‘Something is rotten in the state of Denmark:’ Why the Internet’s advertising business model is broken
Large swaths of the Internet economy are based on an advertising business model. Many content platforms, social media sites and mobile applications provide a free service to users in exchange for personal data that, once collected, is sold to advertisers and data brokers to generate corporate revenue. Metcalfe’s Law predicts that corporate revenues should increase exponentially as a company’s number of connections goes up and that costs should increase linearly. The combination of exponentially increasing revenues and linearly increasing costs should generate large profits for ad-based Internet companies. However, the opposite tends to be the case. Many established Internet companies are deeply in the red and only an estimated 0.01 percent of mobile applications will ever earn a profit. This disjunction raises the question: why do so many ad-based Internet companies perform so badly?

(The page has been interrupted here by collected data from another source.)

(* Splitting [x + y] as the convex combination of [x / A] and [y / B] with
   weights proportional to [A] and [B]: the heart of Minkowski's inequality. *)
Lemma powRD_le_convex {p A B x y} : 1 <= p -> 0 < A -> 0 < B -> 0 <= x -> 0 <= y ->
  (x + y) `^ p <= (A + B) `^ p * (A / (A + B) * (x / A) `^ p + B / (A + B) * (y / B) `^ p).
Proof.
move=> p1 A0 B0 x0 y0.
have AB0 : 0 < A + B by rewrite addr_gt0.
have -> : B / (A + B) = 1 - A / (A + B).
  by field; rewrite gt_eqF.
have t01 : 0 <= A / (A + B) <= 1.
  by rewrite ler_pdivrMr // mul1r lerDl (ltW B0) andbT divr_ge0 ?ltW.
have xy : x + y = (A + B) * (A / (A + B) * (x / A) + (1 - A / (A + B)) * (y / B)).
  by field; rewrite !gt_eqF.
have xA : 0 <= x / A by rewrite divr_ge0 // ltW.
have yB : 0 <= y / B by rewrite divr_ge0 // ltW.
case/andP: (t01) => t0 t1.
rewrite {1}xy powRM ?(ltW AB0) //; last first.
  by apply: addr_ge0; apply: mulr_ge0; rewrite ?subr_ge0.
by rewrite ler_wpM2l ?powR_ge0 // powR_convex.
Qed.

Lemma bernoulli_powR {p a} : 0 <= a -> 1 <= p -> 1 + p * (a - 1) <= a `^ p.
Proof.
move=> a0 p1.
have [->|pn1] := eqVneq p 1; first by rewrite powRr1 //; lra.
have p1' : 1 < p by rewrite lt_neqAle eq_sym pn1.
have p0 : 0 < p by apply: lt_trans p1'.
pose q := p / (p - 1).
have q0 : 0 < q by rewrite divr_gt0 // subr_gt0.
have pq : p^-1 + q^-1 = 1.
  by rewrite /q invf_div -{1}(div1r p) -mulrDl addrC subrK mulfV ?gt_eqF.
(* Young's inequality [a * 1 <= a^p / p + 1 / q] *)
have := conjugate_powR a0 ler01 p0 q0 pq.
rewrite mulr1 powR1 => young.
have pqV : p * q^-1 = p - 1 by rewrite /q invf_div mulrCA mulfV ?gt_eqF // mulr1.
have := ler_wpM2l (ltW p0) young.
by rewrite mulrDr mulrCA mulfV ?gt_eqF // mulr1 mul1r pqV; lra.
Qed.

Lemma powR_tangent_le {p M x} : 1 <= p -> 0 < M -> 0 <= x ->
  M `^ p * (1 + p * (x / M - 1)) <= x `^ p.
Proof.
move=> p1 M0 x0.
have := ler_wpM2l (powR_ge0 M p) (bernoulli_powR (divr_ge0 x0 (ltW M0)) p1).
rewrite powRM //; last by rewrite invr_ge0 ltW.
by rewrite powRV ?(ltW M0) // mulrCA mulfV ?mulr1 // gt_eqF // powR_gt0.
Qed.

End PowR.

Section PowerMean.
Context {R : realType} {I : finType}.
Variables (p : R) (P : pred I).
Hypotheses (p_ge1 : 1 <= p) (P_gt0 : (0 < #|P|)%N).

Definition mean (F : I -> R) := #|P|%:R^-1 * \sum_(i in P) F i.

Definition pnorm (v : I -> R) := mean (fun i => `|v i| `^ p) `^ p^-1.

Let p_gt0 : 0 < p. Proof. exact: lt_le_trans ltr01 p_ge1. Qed.
Let card_gt0 : 0 < #|P|%:R :> R. Proof. by rewrite ltr0n. Qed.
Let invcard_ge0 : 0 <= #|P|%:R^-1 :> R. Proof. by rewrite invr_ge0 ltW. Qed.

Lemma mean_ge0 F : (forall i, P i -> 0 <= F i) -> 0 <= mean F.
Proof. by move=> F0; rewrite mulr_ge0 //; apply: sumr_ge0. Qed.

Lemma ler_mean F G : (forall i, P i -> F i <= G i) -> mean F <= mean G.
Proof. by move=> FG; rewrite ler_wpM2l //; apply: ler_sum. Qed.

Lemma eq_mean F G : (forall i, P i -> F i = G i) -> mean F = mean G.
Proof. by move=> FG; rewrite /mean (eq_bigr G). Qed.

Lemma mean_cst c : mean (fun _ => c) = c.
Proof. by rewrite /mean sumr_const -[c *+ _]mulr_natr mulrCA mulVf ?gt_eqF // mulr1. Qed.

Lemma meanD F G : mean (fun i => F i + G i) = mean F + mean G.
Proof. by rewrite /mean big_split mulrDr. Qed.

Lemma meanB F G : mean (fun i => F i - G i) = mean F - mean G.
Proof. by rewrite /mean big_split sumrN mulrDr mulrN. Qed.

Lemma meanZ c F : mean (fun i => c * F i) = c * mean F.
Proof. by rewrite /mean -mulr_sumr mulrCA. Qed.

Lemma ler_norm_mean F : `|mean F| <= mean (fun i => `|F i|).
Proof. by rewrite /mean normrM ger0_norm // ler_wpM2l // ler_norm_sum. Qed.

Lemma pnorm_ge0 v : 0 <= pnorm v.
Proof. exact: powR_ge0. Qed.

Lemma pnorm_powR v : pnorm v `^ p = mean (fun i => `|v i| `^ p).
Proof. by rewrite powRVK // mean_ge0 // => i _; apply: powR_ge0. Qed.

Lemma pnorm_le v c : 0 <= c -> mean (fun i => `|v i| `^ p) <= c `^ p -> pnorm v <= c.
Proof.
move=> c0 vc; rewrite -(powRK p_gt0 c0).
apply: ge0_ler_powR; rewrite ?nnegrE ?powR_ge0 ?invr_ge0 ?(ltW p_gt0) //.
by apply: mean_ge0 => i _; apply: powR_ge0.
Qed.

Lemma ler_pnorm u v : (forall i, P i -> `|u i| <= `|v i|) -> pnorm u <= pnorm v.
Proof.
move=> uv; apply: pnorm_le; first exact: pnorm_ge0.
rewrite pnorm_powR; apply: ler_mean => i Pi.
by apply: ge0_ler_powR; rewrite ?nnegrE ?(ltW p_gt0) ?uv.
Qed.

Lemma eq_pnorm u v : (forall i, P i -> `|u i| = `|v i|) -> pnorm u = pnorm v.
Proof.
move=> uv; apply: le_anti; apply/andP.
by split; apply: ler_pnorm => i Pi; rewrite uv.
Qed.

Lemma pnormZ c v : pnorm (fun i => c * v i) = `|c| * pnorm v.
Proof.
rewrite /pnorm.
have -> : mean (fun i => `|c * v i| `^ p) = `|c| `^ p * mean (fun i => `|v i| `^ p).
  by rewrite -meanZ; congr mean; apply: boolp.funext => i; rewrite normrM powRM.
by rewrite powRM ?powR_ge0 ?powRK // mean_ge0 // => i _; apply: powR_ge0.
Qed.

Lemma pnorm_cst c : pnorm (fun _ => c) = `|c|.
Proof. by rewrite /pnorm mean_cst powRK. Qed.

Lemma pnorm_eq0 {v} : pnorm v = 0 -> forall {i}, P i -> v i = 0.
Proof.
move=> v0 i Pi.
have : \sum_(j in P) `|v j| `^ p = 0.
  have := pnorm_powR v; rewrite v0 powR0 ?gt_eqF // /mean => /esym/eqP.
  by rewrite mulf_eq0 invr_eq0 gt_eqF //= => /eqP.
move/psumr_eq0P => /(_ (fun j _ => powR_ge0 _ _) i Pi).
by move/powR_eq0_eq0/normr0_eq0.
Qed.

(* Minkowski's inequality: for nonzero norms [A], [B], normalize [u], [v] and apply
   [powRD_le_convex] pointwise. *)
Lemma ler_pnormD u v : pnorm (fun i => u i + v i) <= pnorm u + pnorm v.
Proof.
have [u0|u0] := eqVneq (pnorm u) 0.
  by rewrite u0 add0r; apply: ler_pnorm => i Pi; rewrite (pnorm_eq0 u0 Pi) add0r.
have [v0|v0] := eqVneq (pnorm v) 0.
  by rewrite v0 addr0; apply: ler_pnorm => i Pi; rewrite (pnorm_eq0 v0 Pi) addr0.
have normalized w : pnorm w != 0 -> mean (fun i => (`|w i| / pnorm w) `^ p) = 1.
  move=> w0; have w0' : 0 < pnorm w by rewrite lt0r w0 pnorm_ge0.
  transitivity (mean (fun i => (pnorm w `^ p)^-1 * `|w i| `^ p)).
    congr mean; apply: boolp.funext => i.
    by rewrite powRM ?invr_ge0 ?pnorm_ge0 // powRV ?pnorm_ge0 // mulrC.
  by rewrite meanZ -pnorm_powR mulVf // gt_eqF // powR_gt0.
have A0 : 0 < pnorm u by rewrite lt0r u0 pnorm_ge0.
have B0 : 0 < pnorm v by rewrite lt0r v0 pnorm_ge0.
apply: pnorm_le => /=; first by rewrite addr_ge0 ?pnorm_ge0.
move: (pnorm u) (pnorm v) A0 B0 (normalized u u0) (normalized v v0) => A B A0 B0 nu nv.
have pointwise : mean (fun i => `|u i + v i| `^ p) <= mean (fun i =>
    (A + B) `^ p * (A / (A + B) * (`|u i| / A) `^ p + B / (A + B) * (`|v i| / B) `^ p)).
  apply: ler_mean => i _.
  apply: le_trans (powRD_le_convex p_ge1 A0 B0 (normr_ge0 (u i)) (normr_ge0 (v i))).
  by apply: ge0_ler_powR; rewrite ?nnegrE ?(ltW p_gt0) ?ler_normD.
apply: (le_trans pointwise).
rewrite meanZ meanD 2!meanZ nu nv !mulr1 -mulrDl divff ?mulr1 //.
by rewrite gt_eqF // addr_gt0.
Qed.

(* Compare [|v i|^p] with its tangent at the arithmetic mean [M] of the [|v i|]. *)
Lemma ler_norm_mean_pnorm v : `|mean v| <= pnorm v.
Proof.
apply: le_trans (ler_norm_mean v) _.
have [M defM] : {M | M = mean (fun i => `|v i|)} by exists (mean (fun i => `|v i|)).
rewrite -defM.
have [M0|M0] := eqVneq M 0; first by rewrite M0 pnorm_ge0.
have M_gt0 : 0 < M by rewrite lt0r M0 defM mean_ge0.
rewrite -(powRK p_gt0 (ltW M_gt0)); apply: ge0_ler_powR.
- by rewrite invr_ge0 ltW.
- by rewrite nnegrE powR_ge0.
- by rewrite nnegrE mean_ge0 // => i _; apply: powR_ge0.
have tangent : mean (fun i => M `^ p * (1 + p * (`|v i| / M - 1))) <= mean (fun i => `|v i| `^ p).
  by apply: ler_mean => i _; apply: powR_tangent_le.
apply: le_trans tangent.
have -> : (fun i => M `^ p * (1 + p * (`|v i| / M - 1))) =
    (fun i => M `^ p * ((1 - p) + p / M * `|v i|)).
  by apply: boolp.funext => i; congr (_ * _); rewrite mulrC; ring.
by rewrite meanZ meanD mean_cst meanZ -defM divfK // subrK mulr1.
Qed.

Lemma pnorm0 : pnorm (fun _ => 0) = 0.
Proof. by rewrite pnorm_cst normr0. Qed.

Lemma ler_pnorm_sum (J : Type) (r : seq J) (w : J -> I -> R) :
  pnorm (fun i => \sum_(j <- r) w j i) <= \sum_(j <- r) pnorm (w j).
Proof.
elim: r => [|j r IH].
  rewrite big_nil (eq_pnorm _ (fun _ => 0)) ?pnorm0 // => i _.
  by rewrite big_nil.
rewrite big_cons (eq_pnorm _ (fun i => w j i + \sum_(k <- r) w k i)).
  by apply: le_trans (ler_pnormD _ _) _; rewrite lerD2l.
by move=> i _; rewrite big_cons.
Qed.

Lemma ler_dist_pnorm u v : `|pnorm u - pnorm v| <= pnorm (fun i => u i - v i).
Proof.
have triangle a b : pnorm a <= pnorm (fun i => a i - b i) + pnorm b.
  rewrite (eq_pnorm _ (fun i => (a i - b i) + b i)) ?ler_pnormD // => i _.
  by rewrite subrK.
have := triangle u v; have := triangle v u.
rewrite (eq_pnorm (fun i => v i - u i) (fun i => u i - v i)); last first.
  by move=> i _; rewrite distrC.
by rewrite ler_norml; move: (pnorm u) (pnorm v) (pnorm _) => a b c ha hb; lra.
Qed.

(* The shift of the means costs at most [`|mean (a - b)| <= pnorm (a - b)]. *)
Lemma ler_dist_pnorm_center a b :
  `|pnorm (fun i => a i - mean a) - pnorm (fun i => b i - mean b)|
    <= 2 * pnorm (fun i => a i - b i).
Proof.
apply: le_trans (ler_dist_pnorm _ _) _.
rewrite (eq_pnorm _ (fun i => (a i - b i) + (- (mean a - mean b)))); last first.
  by move=> i _; congr `|_|; ring.
apply: le_trans (ler_pnormD _ _) _.
rewrite pnorm_cst normrN -meanB mulr2n mulrDl mul1r lerD2l.
exact: ler_norm_mean_pnorm.
Qed.

End PowerMean.

Section IncreasingMaps.
Context {l n : nat}.
Implicit Types (g h : {ffun 'I_l -> 'I_n}) (s : {perm 'I_l}).

Lemma incrP g : reflect (forall i j : 'I_l, (i < j)%N -> (g i < g j)%N) (incr l n g).
Proof.
apply: (iffP forallP) => [gi i j|gi i]; first by move/forallP: (gi i) => /(_ j)/implyP.
by apply/forallP => j; apply/implyP; apply: gi.
Qed.

Lemma incr_ltn g i j : incr l n g -> (g i < g j)%N = (i < j)%N.
Proof.
move/incrP=> gi; case: (ltngtP i j) => [/gi -> //|/gi gji|/val_inj ->].
  by apply/negbTE; rewrite -leqNgt ltnW.
exact: ltnn.
Qed.

Lemma incr_inj g : incr l n g -> injective g.
Proof.
move=> gi i j gij; apply/val_inj.
by case: (ltngtP i j) => // lt; move: lt; rewrite -(incr_ltn _ _ _ gi) gij ltnn.
Qed.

The answer lies in the interaction of two factors. First, the costs faced by advertising-based Internet companies tend to increase faster than their core resource (i.e., users). Ad-based Internet companies, therefore, do not seem to benefit from economies of scale on the cost side of the equation. The implication is that such companies need a very large number of users in order to reach profitability. Secondly, profitability’s large user base requirement turns out to be extraordinarily rare in the Internet ecosystem because the network tends to structure itself into what are known as power law distributions, where most companies get only a few users (millions maybe) while some get literally billions. This suggests that the advertising model that underwrites so many Internet companies is broken. It works for a few, but not for most.